Categorical data has a `categories` and a `ordered` property; these list the possible values and whether the ordering matters or not respectively. These properties are exposed as `.cat.categories` and `.cat.ordered`. If you don’t manually specify categories and ordering, they are inferred from the passed arguments.

Let's see some examples:

In [None]:
df["cat_type"].cat.categories

In [None]:
df["cat_type"].cat.ordered

If categorical data is ordered (ie `.cat.ordered == True`), then the order of the categories has a meaning and certain operations are possible: you can sort values (with `.sort_values`), and apply `.min` and `.max`.

### Renaming Categories

Renaming categories is done using the `rename_categories()` method (which works with a list or a dictionary).

In [None]:
df["cat_type"] = df["cat_type"].cat.rename_categories(["alpha", "beta", "gamma"])
df

Quite often, you'll run into a situation where you want to add a category.
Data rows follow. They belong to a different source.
(* Let $G$ be a commutative group, $g\in\mathrm{Aut}(G)$ with $g\ne\mathrm{id}$, and $t\in G$. Let $f$ be the bijection of $G$ given by $f(x)=g(x)t$. Then $Z(G(f))=Z(G(g))$ as sets, and $Z(G(g))=\{x\in G:\ g(x)=x\}$.
   Context: The center $Z(Q)$ of a loop $Q$ is the set of elements that commute with all elements and lie in the left, middle and right nuclei (i.e., associate in every position). Construction $G(f)$: for a commutative group $G$ (written multiplicatively) and a bijection $f:G\to G$, let $\overline{G}=\{\overline{x}:x\in G\}$ be a disjoint copy of $G$, and let $G(f)$ be $G\cup\overline{G}$ with multiplication $x*y=xy$, $x*\overline{y}=\overline{xy}$, $\overline{x}*y=\overline{xy}$, $\overline{x}*\overline{y}=f(xy)$ for $x,y\in G$. *)

(* The commutative group G is an abelian group written
   additively: a zmodType V (identity 0, product +). *)
From HB Require Import structures.
From mathcomp Require Import all_boot all_order all_algebra.
Set Implicit Arguments. Unset Strict Implicit. Unset Printing Implicit Defensive.
Import GRing.Theory.
Local Open Scope ring_scope.

(* The construction G(f): carrier V + V, where inl x = x and inr x = \overline{x}.
   x*y = xy, x*ybar = (xy)bar, xbar*y = (xy)bar, xbar*ybar = f(xy). *)
Definition Gf_mul (V : zmodType) (f : V -> V) (a b : V + V) : V + V :=
  match a, b with
  | inl x, inl y => inl (x + y)
  | inl x, inr y => inr (x + y)
  | inr x, inl y => inr (x + y)
  | inr x, inr y => inl (f (x + y))
  end.

Definition in_center (Q : Type) (mul : Q -> Q -> Q) (z : Q) : Prop :=
  (forall x, mul z x = mul x z) /\
  (forall x y, mul (mul z x) y = mul z (mul x y)) /\
  (forall x y, mul (mul x z) y = mul x (mul z y)) /\
  (forall x y, mul (mul x y) z = mul x (mul y z)).

(* Three facts about an arbitrary map f : V -> V come first:
   - inl a is central in G(f) as soon as f commutes with translation by a;
   - conversely, if inl a is central then f a = a + f 0 (associate
     inl a * (inr 0 * inr 0) with (inl a * inr 0) * inr 0);
   - if some inr a is central then f is a translation, f v = v + f 0
     (associate inr a, inr 0 and inr v).
   For f x = g x + c with g additive, the first two facts say that inl a is
   central iff g a = a, and the third that an inr element can only be
   central when g = id.  Hence for g <> id the centre of G(f) is
   {inl x | g x = x} whatever c is; the theorem is this description taken
   at c = t and at c = 0 (where f = g). *)

From HB Require Import structures.
From mathcomp Require Import all_boot all_order all_algebra.
From Stdlib Require Import FunctionalExtensionality.
Import GRing.Theory.
Local Open Scope ring_scope.

Section CentreOfGf.

Variables (V : zmodType) (f : V -> V).

Lemma inl_central (a : V) :
  (forall w, f (a + w) = a + f w) -> in_center (Gf_mul f) (inl a).
Proof.
move=> fa.
have fa' w : f (w + a) = f w + a by rewrite addrC fa addrC.
split; [|split; [|split]].
- by case=> x /=; rewrite addrC.
- by case=> x [] y /=; rewrite ?addrA // -fa addrA.
- by case=> x [] y /=; rewrite ?addrA.
- by case=> x [] y /=; rewrite ?addrA // fa'.
Qed.

(* Left nuclearity of inl a on (inr 0, inr 0) forces f a = a + f 0. *)
Lemma inl_central_shift (a : V) :
  in_center (Gf_mul f) (inl a) -> f a = a + f 0.
Proof.
by case=> _ [assoc _]; have := assoc (inr 0) (inr 0); rewrite /= !addr0 => -[].
Qed.

(* A central inr a forces f to be a translation: left nuclearity on
   (inr 0, inr v) gives f a + v = a + f v for every v. *)
Lemma inr_central_translation (a : V) :
  in_center (Gf_mul f) (inr a) -> forall v, f v = v + f 0.
Proof.
case=> _ [assoc _].
have shift v : f a + v = a + f v.
  by have := assoc (inr 0) (inr v); rewrite /= !addr0 add0r => -[].
have fa : f a = a + f 0 by rewrite -[f a]addr0 shift.
by move=> v; apply: (addrI a); rewrite -shift fa -addrA (addrC (f 0)).
Qed.

End CentreOfGf.

Lemma affine_center (V : zmodType) (g f : V -> V) (c : V)
  (g_add : {morph g : x y / x + y}) (g_nid : g <> id)
  (f_affine : forall x, f x = g x + c) (z : V + V) :
  in_center (Gf_mul f) z <-> exists2 x : V, z = inl x & g x = x.
Proof.
have g0 : g 0 = 0 by apply: (addrI (g 0)); rewrite -g_add !addr0.
split.
- case: z => a central.
  + exists a => //; apply: (addIr c).
    by rewrite -f_affine inl_central_shift // f_affine g0 add0r.
  + case: g_nid; apply: functional_extensionality => v; apply: (addIr c).
    by rewrite -f_affine (inr_central_translation _ _ _ central v) f_affine g0 add0r.
- case=> a -> ga; apply: inl_central => w.
  by rewrite !f_affine g_add ga addrA.
Qed.

Theorem lemma3p1 (V : zmodType) (g : V -> V)
  (g_add : {morph g : x y / x + y}) (g_bij : bijective g)
  (g_nid : g <> id) (t : V) :
  (forall z : V + V,
     in_center (Gf_mul (fun x => g x + t)) z <-> in_center (Gf_mul g) z) /\
  (forall z : V + V,
     in_center (Gf_mul g) z <-> exists2 x : V, z = inl x & g x = x).
Proof.
have center_g z : in_center (Gf_mul g) z <-> exists2 x : V, z = inl x & g x = x.
  by apply: (@affine_center V g g 0) => // x; rewrite addr0.
split=> // z; apply: iff_trans (iff_sym (center_g z)).
exact: affine_center.
Qed.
You can do this with `.add_categories()`:

In [None]:
df["cat_type"] = df["cat_type"].cat.add_categories(["delta"])
df["cat_type"]

Similarly, there is a `.remove_categories()` function and a `.remove_unused_categories()` function. `.set_categories()` adds and removes categories in one fell swoop. One of the nice properties of set categories is that  Remember that you need to do `df["columnname"].cat` before calling any cat(egory) functions though.

## Operations on Categories

As noted, ordered categories will already undergo some operations. But there are some that work on any set of categories. Perhaps the most useful is `value_counts()`.

In [None]:
df["cat_type"].value_counts()

Note that even though 'delta' doesn't appear at all, it gets a count (of zero). This tracking of missing values can be quite handy.

`mode()` is another one:

In [None]:
df["cat_type"].mode()

And if your categorical column happens to consist of *elements* that can undergo operations, those same operations will still work. For example,

In [None]:
time_df = pd.DataFrame(
    pd.Series(pd.date_range("2015/05/01", periods=5, freq="M"), dtype="category"),
    columns=["datetime"],
)
time_df

In [None]:
time_df["datetime"].dt.month

Finally, if you ever need to translate your actual data types in your categorical column into a code, you can use `.cat.codes` to get unique codes for each value.

In [None]:
time_df["datetime"].cat.codes